WHAT YOU HAVE TO DO: In the data below, the answer is the run of lines from the line containing "perform (perform T g)" through the line containing "Lemma afterS n", both included; print it exactly and nothing else.

---------- GIVEN DATA ----------

(* Let $\mathcal{T}_0$ be a triangulation of a finite point set $\mathcal{P}$ in the plane and let $F=\langle f_1,\ldots,f_r\rangle$ be a valid sequence of flips with $\mathcal{T}_0 \xrightarrow{F} \mathcal{T}_r$. Let $\pi(F)$ be a permutation of the flips in $F$ that is a topological sorting of the DAG $\mathcal{D}_F$. Then $\pi(F)$ is a valid sequence of flips with respect to $\mathcal{T}_0$ and $\mathcal{T}_0 \xrightarrow{\pi(F)} \mathcal{T}_r$.
   Context: A triangulation of a finite point set $\mathcal{P}$ in the plane is a partition of the convex hull of $\mathcal{P}$ into triangles whose vertex set is $\mathcal{P}$. For an interior edge $e$ of a triangulation $\mathcal{T}$, the quadrilateral associated with $e$ is the union of the two triangles of $\mathcal{T}$ sharing $e$. A flip $f$ with underlying edge $\epsilon(f)=e$ is admissible in $\mathcal{T}$ if $e\in\mathcal{T}$ and its associated quadrilateral is convex; performing it replaces $e$ by the other diagonal $\phi(f)$ of that quadrilateral. Two distinct edges share a triangle in $\mathcal{T}$ if they are edges of the same triangle of $\mathcal{T}$. A sequence $F=\langle f_1,\ldots,f_r\rangle$ is valid with respect to $\mathcal{T}$ if there are triangulations $\mathcal{T}_0=\mathcal{T},\mathcal{T}_1,\ldots,\mathcal{T}_r$ such that $f_i$ is admissible in $\mathcal{T}_{i-1}$ and performing it yields $\mathcal{T}_i$; then we write $\mathcal{T}\xrightarrow{F}\mathcal{T}_r$. Flips in a sequence are distinct objects even if they have the same underlying edge. For $1\le i<j\le r$, flip $f_j$ is adjacent to $f_i$ (written $f_i\to f_j$) if (1) either $\phi(f_i)=\epsilon(f_j)$ or $\phi(f_i)$ and $\epsilon(f_j)$ share a triangle in $\mathcal{T}_{j-1}$, and (2) there is no $p$ with $i<p<j$ and $\epsilon(f_p)=\phi(f_i)$. $\mathcal{D}_F$ is the directed acyclic graph whose nodes are the flips of $F$ and whose arcs are the pairs $f_i\to f_j$. *)

(* Points of P are indexed by 'I_n via an injective map p. *)
From HB Require Import structures.
From mathcomp Require Import all_boot all_order all_algebra all_fingroup.
Set Implicit Arguments. Unset Strict Implicit. Unset Printing Implicit Defensive.
Import Order.TTheory GRing.Theory Num.Theory.
Local Open Scope ring_scope.

Section Triang.
Variables (R : realFieldType) (n : nat) (p : 'I_n -> R * R).

Definition orient (a b c : 'I_n) : R :=
  ((p b).1 - (p a).1) * ((p c).2 - (p a).2) - ((p b).2 - (p a).2) * ((p c).1 - (p a).1).

Definition in_conv (S : {set 'I_n}) (x : R * R) : Prop :=
  exists w : 'I_n -> R,
    [/\ forall i, 0 <= w i, forall i, i \notin S -> w i = 0,
        \sum_i w i = 1 &
        x = (\sum_i w i * (p i).1, \sum_i w i * (p i).2)].

Definition is_triangle (t : {set 'I_n}) : Prop :=
  exists a b c, t = [set a; b; c] /\ orient a b c != 0.

(* T is a triangulation of P: triangles with vertices in P covering conv(P),
   meeting pairwise in a common face (possibly empty), and every point of P
   is a vertex. *)
Definition is_triangulation (T : {set {set 'I_n}}) : Prop :=
  [/\ forall t, t \in T -> is_triangle t,
      forall x, in_conv setT x <-> exists2 t, t \in T & in_conv t x,
      forall t1 t2, t1 \in T -> t2 \in T -> forall x,
        (in_conv t1 x /\ in_conv t2 x) <-> in_conv (t1 :&: t2) x &
      forall i, exists2 t, t \in T & i \in t].

(* strictly convex quadrilateral with diagonals ab and cd *)
Definition convex_quad (a b c d : 'I_n) : Prop :=
  orient a b c * orient a b d < 0 /\ orient c d a * orient c d b < 0.

End Triang.

(* A flip is a pair (underlying edge eps, new diagonal phi). *)
Definition flip (n : nat) := ({set 'I_n} * {set 'I_n})%type.
Definition eps n (f : flip n) := f.1.
Definition phi n (f : flip n) := f.2.

Definition admissible (R : realFieldType) n (p : 'I_n -> R * R)
  (T : {set {set 'I_n}}) (f : flip n) : Prop :=
  exists a b c d,
    [/\ eps f = [set a; b], [set a; b; c] \in T, [set a; b; d] \in T,
        phi f = [set c; d] & convex_quad p a b c d].

Definition perform n (T : {set {set 'I_n}}) (f : flip n) : {set {set 'I_n}} :=
  (T :\: [set t in T | eps f \subset t])
    :|: [set phi f :|: [set a] | a in eps f].

Definition after n (T : {set {set 'I_n}}) (F : seq (flip n)) (k : nat) :=
  foldl (@perform n) T (take k F).

Definition f0 n : flip n := (set0, set0).

Definition valid (R : realFieldType) n (p : 'I_n -> R * R)
  (T : {set {set 'I_n}}) (F : seq (flip n)) : Prop :=
  forall k, (k < size F)%N ->
    admissible p (after T F k) (nth (f0 n) F k) /\
    is_triangulation p (after T F k.+1).

Definition share_tri n (T : {set {set 'I_n}}) (e1 e2 : {set 'I_n}) : Prop :=
  [/\ e1 != e2, #|e1| = 2%N, #|e2| = 2%N &
      exists2 t, t \in T & e1 \subset t /\ e2 \subset t].

(* arc f_i -> f_j of D_F (0-based positions); T_{j-1} in 1-based indexing
   is the triangulation after the first j (0-based) flips *)
Definition arc n (T : {set {set 'I_n}}) (F : seq (flip n)) (i j : nat) : Prop :=
  [/\ (i < j)%N, (j < size F)%N,
      phi (nth (f0 n) F i) = eps (nth (f0 n) F j)
      \/ share_tri (after T F j) (phi (nth (f0 n) F i)) (eps (nth (f0 n) F j)) &
      forall q, (i < q)%N -> (q < j)%N ->
        eps (nth (f0 n) F q) != phi (nth (f0 n) F i)].

Definition permuted n (F : seq (flip n)) (s : {perm 'I_(size F)}) : seq (flip n) :=
  [seq nth (f0 n) F (s k) | k <- enum 'I_(size F)].

(* s is a topological sorting of D_F: every arc goes forward in the new order *)
Definition topo_sort n (T : {set {set 'I_n}}) (F : seq (flip n))
  (s : {perm 'I_(size F)}) : Prop :=
  forall i j : 'I_(size F), arc T F i j -> ((s^-1)%g i < (s^-1)%g j)%N.
Arguments permuted {n} F s.
Arguments topo_sort {n} T F s.

(* The first flip f_k of pi(F) is a source of D_F; say it
   replaces the diagonal ab of the convex quadrilateral abcd by cd.  If an earlier flip f_m
   created an edge of abc or abd, the last such flip would be adjacent to f_k.  Hence abc and
   abd are triangles of T_0, ..., T_k, and by elementary facts about triangulations (an edge
   borders at most two triangles, which lie on opposite sides of it, and no triangle contains
   the other diagonal cd) no earlier flip touches them or creates a triangle on ab.  So f_k
   commutes with f_0, ..., f_(k-1): performing it first gives a valid sequence with the same
   final triangulation, whose DAG maps into D_F, and the induction hypothesis applies to the
   remaining flips of pi(F). *)

From Pilot Require Import Defs.
From mathcomp Require Import all_boot all_order all_algebra all_fingroup.
From mathcomp Require Import ring lra zify.
Set Implicit Arguments. Unset Strict Implicit. Unset Printing Implicit Defensive.
Import Order.TTheory GRing.Theory Num.Theory.

Lemma set3P (T : finType) (z a b c : T) : reflect [\/ z = a, z = b | z = c] (z \in [set a; b; c]).
Proof.
rewrite !inE; apply: (iffP idP).
  by case/orP=> [/orP[]|] /eqP ->; [apply: Or31 | apply: Or32 | apply: Or33].
by case=> ->; rewrite eqxx ?orbT.
Qed.

Section Perform.
Variable n : nat.
Implicit Types (T : {set {set 'I_n}}) (f g : flip n) (a b c d x y : 'I_n) (e t : {set 'I_n}).

Definition new_triangles f := [set phi f :|: [set x] | x in eps f].

Lemma in_perform T f t :
  (t \in perform T f) = (t \in T) && ~~ (eps f \subset t) || (t \in new_triangles f).
Proof. by rewrite !inE; case: (t \in T); rewrite ?andbF ?andbT. Qed.

Lemma in_new_triangles f a b c d t : eps f = [set a; b] -> phi f = [set c; d] ->
  (t \in new_triangles f) = (t == [set c; d; a]) || (t == [set c; d; b]).
Proof.
rewrite /new_triangles => -> ->; apply/imsetP/orP.
  by case=> x; rewrite !inE => /orP [] /eqP -> ->; [left | right].
by case=> /eqP ->; [exists a | exists b]; rewrite ?inE ?eqxx ?orbT.
Qed.

Lemma pair_subset a b t : ([set a; b] \subset t) = (a \in t) && (b \in t).
Proof. by rewrite subUset !sub1set. Qed.

Lemma in_perform_flip T t f a b c d : eps f = [set a; b] -> phi f = [set c; d] ->
  (t \in perform T f) =
  (t \in T) && ~~ ((a \in t) && (b \in t)) || (t == [set c; d; a]) || (t == [set c; d; b]).
Proof. by move=> Ee Ep; rewrite in_perform (in_new_triangles _ Ee Ep) Ee pair_subset orbA. Qed.

Lemma pair_sub_triangle (a b c y : 'I_n) : y \in [set a; b] -> [set y; c] \subset [set a; b; c].
Proof. by rewrite pair_subset !inE => /orP[] ->; rewrite eqxx !orbT. Qed.

Lemma pair_in_triangle e c d x : c != d -> e \subset [set c; d; x] -> #|e| = 2 ->
  e != [set c; d] -> (e \subset [set x; c]) || (e \subset [set x; d]).
Proof.
move=> cd sE cE ne.
have in3 z : z \in e -> [\/ z = c, z = d | z = x].
  by move=> /(subsetP sE) /set3P.
have xe : x \in e.
  apply: contraNT ne => xNe; rewrite eqEcard cE cards2 cd andbT; apply/subsetP => z ze.
  by case: (in3 z ze) => ez; subst z; rewrite ?inE ?eqxx ?orbT //; rewrite ze in xNe.
have : ~~ ((c \in e) && (d \in e)).
  by apply: contra ne => /andP[ce de]; rewrite eq_sym eqEcard pair_subset ce de cE cards2 cd.
case/nandP => yNe; apply/orP; [right | left]; apply/subsetP => z ze;
  by case: (in3 z ze) => ez; subst z; rewrite ?inE ?eqxx ?orbT //; rewrite ze in yNe.
Qed.

Definition is_edge T e := exists2 t, t \in T & e \subset t.

Lemma new_triangles_phi f t : t \in new_triangles f -> phi f \subset t.
Proof. by case/imsetP => x _ ->; apply: subsetUl. Qed.

Lemma perform_eps T f t : t \in perform T f -> eps f \subset t -> phi f \subset t.
Proof. by rewrite in_perform => /orP[/andP[_ /negbTE ->] // | /new_triangles_phi]. Qed.

Lemma perform_old T f t : t \in perform T f -> ~~ (phi f \subset t) -> t \in T.
Proof. by rewrite in_perform => /orP[/andP[-> _] // | /new_triangles_phi ->]. Qed.

Lemma perform_keep T f t : t \in T -> ~~ (eps f \subset t) -> t \in perform T f.
Proof. by move=> Ht ne; rewrite in_perform Ht ne. Qed.

Lemma perform_new T f t : t \in new_triangles f -> t \in perform T f.
Proof. by move=> H; rewrite in_perform H orbT. Qed.

Lemma perform_commute T f g :
  (forall t, t \in new_triangles g -> ~~ (eps f \subset t)) ->
  (forall t, t \in new_triangles f -> ~~ (eps g \subset t)) ->
  perform (perform T g) f = perform (perform T f) g.
Proof.
move=> A B; apply/setP => t; rewrite !in_perform.
case Ng: (t \in new_triangles g); first by rewrite (negbTE (A t Ng)) !orbT andbT.
case Nf: (t \in new_triangles f); first by rewrite (negbTE (B t Nf)) !orbT.
by rewrite !orbF andbAC.
Qed.

End Perform.

Lemma after0 n (T : {set {set 'I_n}}) (F : seq (flip n)) : after T F 0 = T.
Proof. by rewrite /after take0. Qed.

Lemma afterS n (T : {set {set 'I_n}}) (F : seq (flip n)) m : m < size F ->
  after T F m.+1 = perform (after T F m) (nth (f0 n) F m).
Proof. by move=> h; rewrite /after (take_nth (f0 n) h) foldl_rcons. Qed.

Lemma after_cons n (T : {set {set 'I_n}}) (f : flip n) F m :
  after T (f :: F) m.+1 = after (perform T f) F m.
Proof. by []. Qed.

Lemma bumpE k x : bump k x = if x < k then x else x.+1.
Proof. by rewrite /bump ltnNge; case: leqP; rewrite ?add0n ?add1n. Qed.

Lemma ltn_bump2 h i j : (bump h i < bump h j) = (i < j).
Proof. by rewrite !ltnNge leq_bump2. Qed.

----------

TASK OUTPUT:
  perform (perform T g) f = perform (perform T f) g.
Proof.
move=> A B; apply/setP => t; rewrite !in_perform.
case Ng: (t \in new_triangles g); first by rewrite (negbTE (A t Ng)) !orbT andbT.
case Nf: (t \in new_triangles f); first by rewrite (negbTE (B t Nf)) !orbT.
by rewrite !orbF andbAC.
Qed.

End Perform.

Lemma after0 n (T : {set {set 'I_n}}) (F : seq (flip n)) : after T F 0 = T.
Proof. by rewrite /after take0. Qed.

Lemma afterS n (T : {set {set 'I_n}}) (F : seq (flip n)) m : m < size F ->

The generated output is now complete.